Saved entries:
• • • • •

Lemma derivable_pt_lim_improper_RInt_param (F Fz : R -> R -> R) (I : R -> R) (z0 L : R) :
  (forall z x, is_derive (fun t => F t x) z (Fz z x)) ->
  (forall z x, continuity_2d_pt Fz z x) ->
  (forall z, is_RInt_improper (F z) (I z)) ->
  (exists d g G, 0 < d /\ is_RInt_improper g G /\
     forall x z, Rabs (z - z0) < d -> Rabs (Fz z x) <= g x) ->
  (forall eps, 0 < eps -> exists M, forall M', M <= M' ->
     Rabs (RInt (Fz z0) (- M') M' - L) < eps) ->
  derivable_pt_lim I z0 L.
Proof.
  intros HF HFz HI [d [g [G [Hd [Hg Hdom]]]]] HL eps Heps.
  destruct (is_RInt_improper_tail g G Hg (eps / 3)) as [Mg [HMg Htail]]; [lra |].
  destruct (HL (eps / 3)) as [ML HML]; [lra |].
  set (M := Rmax Mg ML).
  assert (HM : Mg <= M /\ ML <= M) by (split; [apply Rmax_l | apply Rmax_r]).
  set (P z := RInt (F z) (- M) M).
  set (P' := RInt (Fz z0) (- M) M).
  assert (HP : is_derive P z0 P').
  { replace P' with (RInt (fun x => Derive (fun u => F u x) z0) (- M) M).
    - apply is_derive_RInt_param.
      + apply filter_forall; intros z x _; eexists; apply HF.
      + intros x _; apply (continuity_2d_pt_ext Fz); [| apply HFz].
        intros u v; symmetry; apply is_derive_unique, HF.
      + apply filter_forall; intros z; apply HI.
    - apply RInt_ext; intros x _; apply is_derive_unique, HF. }
  apply is_derive_Reals in HP; destruct (HP (eps / 3)) as [d1 Hd1]; [lra |].
  assert (Hdelta : 0 < Rmin d1 d) by (apply Rmin_pos; [apply cond_pos | exact Hd]).
  exists (mkposreal _ Hdelta); intros h Hh0 Hh; simpl in Hh.
  assert (Hhd1 : Rabs h < d1) by (eapply Rlt_le_trans; [exact Hh | apply Rmin_l]).
  assert (Hhd : Rabs h < d) by (eapply Rlt_le_trans; [exact Hh | apply Rmin_r]).
  assert (Hh' : 0 < Rabs h) by (apply Rabs_pos_lt; exact Hh0).
  assert (Inc : Rabs ((I (z0 + h) - I z0) - (P (z0 + h) - P z0)) <= Rabs h * (eps / 3)).
  { apply (improper_RInt_param_increment F Fz I g G z0 h M (eps / 3) HF HI Hg).
    - intros x z Hz; apply Hdom; lra.
    - pose proof (Rmax_l Mg ML); lra.
    - intros a b Ha Hb; apply Rlt_le, Htail; lra. }
  assert (Inc' : Rabs (((I (z0 + h) - I z0) - (P (z0 + h) - P z0)) / h) <= eps / 3).
  { unfold Rdiv; rewrite Rabs_mult, Rabs_inv.
    apply (Rmult_le_reg_r (Rabs h)); auto.
    rewrite Rmult_assoc, Rinv_l by lra; lra. }
  specialize (Hd1 h Hh0 Hhd1); specialize (HML M (proj2 HM)).
  replace ((I (z0 + h) - I z0) / h - L) with
    (((P (z0 + h) - P z0) / h - P') + ((I (z0 + h) - I z0) - (P (z0 + h) - P z0)) / h + (P' - L))
    by (field; exact Hh0).
  apply Rabs_def2 in Hd1; apply Rabs_def2 in HML; apply Rabs_le_between in Inc'.
  apply Rabs_def1; unfold P, P' in *; lra.
Qed.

• • • • •

» **Exercise requirements**: Your task is to restate, word for word, only those lines above that fall between the line holding "assert (Hhd1 : Rabs" and the line holding "assert (Inc : Rabs", inclusive.

» **Finished exercise**:
  assert (Hhd1 : Rabs h < d1) by (eapply Rlt_le_trans; [exact Hh | apply Rmin_l]).
  assert (Hhd : Rabs h < d) by (eapply Rlt_le_trans; [exact Hh | apply Rmin_r]).
  assert (Hh' : 0 < Rabs h) by (apply Rabs_pos_lt; exact Hh0).
  assert (Inc : Rabs ((I (z0 + h) - I z0) - (P (z0 + h) - P z0)) <= Rabs h * (eps / 3)).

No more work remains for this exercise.